Restate only the tail of the data below, starting at the line that contains "(deg_ltD G m" and including the last line, word for word.

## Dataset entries
▬▬▬▬▬▬

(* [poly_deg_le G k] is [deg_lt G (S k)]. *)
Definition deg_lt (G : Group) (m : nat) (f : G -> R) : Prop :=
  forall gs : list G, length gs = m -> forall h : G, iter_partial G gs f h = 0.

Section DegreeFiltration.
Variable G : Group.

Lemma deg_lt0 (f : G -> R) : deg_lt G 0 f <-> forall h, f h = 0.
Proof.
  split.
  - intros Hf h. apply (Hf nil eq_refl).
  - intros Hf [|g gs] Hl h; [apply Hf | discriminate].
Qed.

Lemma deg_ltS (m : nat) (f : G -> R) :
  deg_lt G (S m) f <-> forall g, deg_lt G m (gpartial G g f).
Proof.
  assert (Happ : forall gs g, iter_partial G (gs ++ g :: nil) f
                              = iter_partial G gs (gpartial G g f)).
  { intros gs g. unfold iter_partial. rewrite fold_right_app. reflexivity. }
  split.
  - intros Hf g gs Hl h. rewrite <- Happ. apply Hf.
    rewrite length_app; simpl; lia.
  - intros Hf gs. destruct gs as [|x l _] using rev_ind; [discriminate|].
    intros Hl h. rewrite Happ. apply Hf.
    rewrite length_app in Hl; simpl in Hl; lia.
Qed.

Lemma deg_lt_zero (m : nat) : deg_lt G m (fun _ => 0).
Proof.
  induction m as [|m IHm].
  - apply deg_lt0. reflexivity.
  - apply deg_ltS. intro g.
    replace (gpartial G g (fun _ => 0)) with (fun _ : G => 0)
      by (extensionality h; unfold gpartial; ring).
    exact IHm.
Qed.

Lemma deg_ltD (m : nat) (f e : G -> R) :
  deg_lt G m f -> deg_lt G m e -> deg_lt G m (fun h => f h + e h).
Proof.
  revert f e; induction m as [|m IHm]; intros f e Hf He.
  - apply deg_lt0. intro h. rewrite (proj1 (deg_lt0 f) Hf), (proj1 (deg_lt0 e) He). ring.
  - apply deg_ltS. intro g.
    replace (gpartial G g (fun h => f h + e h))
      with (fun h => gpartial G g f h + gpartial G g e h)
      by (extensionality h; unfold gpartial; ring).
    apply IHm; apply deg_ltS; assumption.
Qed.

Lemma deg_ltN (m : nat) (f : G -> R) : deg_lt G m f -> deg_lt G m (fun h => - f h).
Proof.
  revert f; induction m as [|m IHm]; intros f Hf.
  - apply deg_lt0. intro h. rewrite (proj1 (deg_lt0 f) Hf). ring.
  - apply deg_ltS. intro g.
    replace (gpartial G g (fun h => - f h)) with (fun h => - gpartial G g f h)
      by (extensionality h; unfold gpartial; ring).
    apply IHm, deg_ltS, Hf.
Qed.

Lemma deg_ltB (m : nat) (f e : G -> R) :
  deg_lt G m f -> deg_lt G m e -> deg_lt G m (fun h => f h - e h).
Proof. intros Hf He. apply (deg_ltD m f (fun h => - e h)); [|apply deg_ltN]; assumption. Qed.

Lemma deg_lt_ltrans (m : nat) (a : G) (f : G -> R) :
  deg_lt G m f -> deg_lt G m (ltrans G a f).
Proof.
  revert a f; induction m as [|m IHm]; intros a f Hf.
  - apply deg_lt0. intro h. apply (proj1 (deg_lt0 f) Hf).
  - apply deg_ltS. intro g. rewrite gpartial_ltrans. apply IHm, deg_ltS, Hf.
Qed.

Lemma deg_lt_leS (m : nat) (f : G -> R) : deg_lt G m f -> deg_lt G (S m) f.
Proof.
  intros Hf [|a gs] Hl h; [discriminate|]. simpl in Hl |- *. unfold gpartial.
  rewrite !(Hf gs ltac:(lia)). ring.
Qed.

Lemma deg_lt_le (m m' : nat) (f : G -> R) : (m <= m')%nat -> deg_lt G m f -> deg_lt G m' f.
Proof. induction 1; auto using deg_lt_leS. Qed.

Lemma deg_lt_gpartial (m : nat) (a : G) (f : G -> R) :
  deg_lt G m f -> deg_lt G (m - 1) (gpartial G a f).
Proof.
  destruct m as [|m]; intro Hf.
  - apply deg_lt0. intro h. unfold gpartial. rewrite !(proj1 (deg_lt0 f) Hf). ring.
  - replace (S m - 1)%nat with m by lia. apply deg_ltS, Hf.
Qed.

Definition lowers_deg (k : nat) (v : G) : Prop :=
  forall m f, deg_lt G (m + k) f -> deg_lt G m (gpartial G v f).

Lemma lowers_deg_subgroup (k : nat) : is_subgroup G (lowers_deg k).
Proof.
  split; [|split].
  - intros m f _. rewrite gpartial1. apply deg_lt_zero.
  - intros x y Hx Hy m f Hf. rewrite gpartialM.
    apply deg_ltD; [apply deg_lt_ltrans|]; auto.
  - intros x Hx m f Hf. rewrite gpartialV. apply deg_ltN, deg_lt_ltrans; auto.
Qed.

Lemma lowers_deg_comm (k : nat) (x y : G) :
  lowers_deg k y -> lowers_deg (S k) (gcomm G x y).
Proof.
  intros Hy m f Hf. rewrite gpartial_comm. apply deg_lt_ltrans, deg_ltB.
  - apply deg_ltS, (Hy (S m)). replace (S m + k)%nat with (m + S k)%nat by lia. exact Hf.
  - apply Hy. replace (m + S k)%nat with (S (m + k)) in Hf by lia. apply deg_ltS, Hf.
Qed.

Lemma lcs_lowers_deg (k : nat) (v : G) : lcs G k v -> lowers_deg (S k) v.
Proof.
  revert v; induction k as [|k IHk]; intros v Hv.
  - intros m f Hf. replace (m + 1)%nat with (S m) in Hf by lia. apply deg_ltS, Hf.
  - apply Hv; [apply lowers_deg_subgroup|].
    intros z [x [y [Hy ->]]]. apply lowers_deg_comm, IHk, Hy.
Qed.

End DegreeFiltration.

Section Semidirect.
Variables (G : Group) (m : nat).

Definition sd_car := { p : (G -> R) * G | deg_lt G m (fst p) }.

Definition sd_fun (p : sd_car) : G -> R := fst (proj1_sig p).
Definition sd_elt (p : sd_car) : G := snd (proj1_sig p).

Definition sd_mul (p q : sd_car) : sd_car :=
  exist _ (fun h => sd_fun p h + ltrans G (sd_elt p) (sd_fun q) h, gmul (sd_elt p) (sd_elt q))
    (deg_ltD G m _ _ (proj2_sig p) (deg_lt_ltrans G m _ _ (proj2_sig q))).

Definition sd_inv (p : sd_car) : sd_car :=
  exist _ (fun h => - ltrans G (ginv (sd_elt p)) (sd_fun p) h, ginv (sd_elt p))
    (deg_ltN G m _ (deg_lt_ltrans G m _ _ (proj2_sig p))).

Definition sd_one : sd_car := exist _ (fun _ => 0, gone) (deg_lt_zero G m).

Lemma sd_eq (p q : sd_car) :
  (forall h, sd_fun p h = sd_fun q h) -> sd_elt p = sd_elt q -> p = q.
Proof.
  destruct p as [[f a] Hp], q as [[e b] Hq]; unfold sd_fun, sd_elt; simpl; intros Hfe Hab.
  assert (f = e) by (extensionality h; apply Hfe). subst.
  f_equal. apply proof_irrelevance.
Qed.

▬▬▬▬▬▬

## Solution below
    (deg_ltD G m _ _ (proj2_sig p) (deg_lt_ltrans G m _ _ (proj2_sig q))).

Definition sd_inv (p : sd_car) : sd_car :=
  exist _ (fun h => - ltrans G (ginv (sd_elt p)) (sd_fun p) h, ginv (sd_elt p))
    (deg_ltN G m _ (deg_lt_ltrans G m _ _ (proj2_sig p))).

Definition sd_one : sd_car := exist _ (fun _ => 0, gone) (deg_lt_zero G m).

Lemma sd_eq (p q : sd_car) :
  (forall h, sd_fun p h = sd_fun q h) -> sd_elt p = sd_elt q -> p = q.
Proof.
  destruct p as [[f a] Hp], q as [[e b] Hq]; unfold sd_fun, sd_elt; simpl; intros Hfe Hab.
  assert (f = e) by (extensionality h; apply Hfe). subst.
  f_equal. apply proof_irrelevance.
Qed.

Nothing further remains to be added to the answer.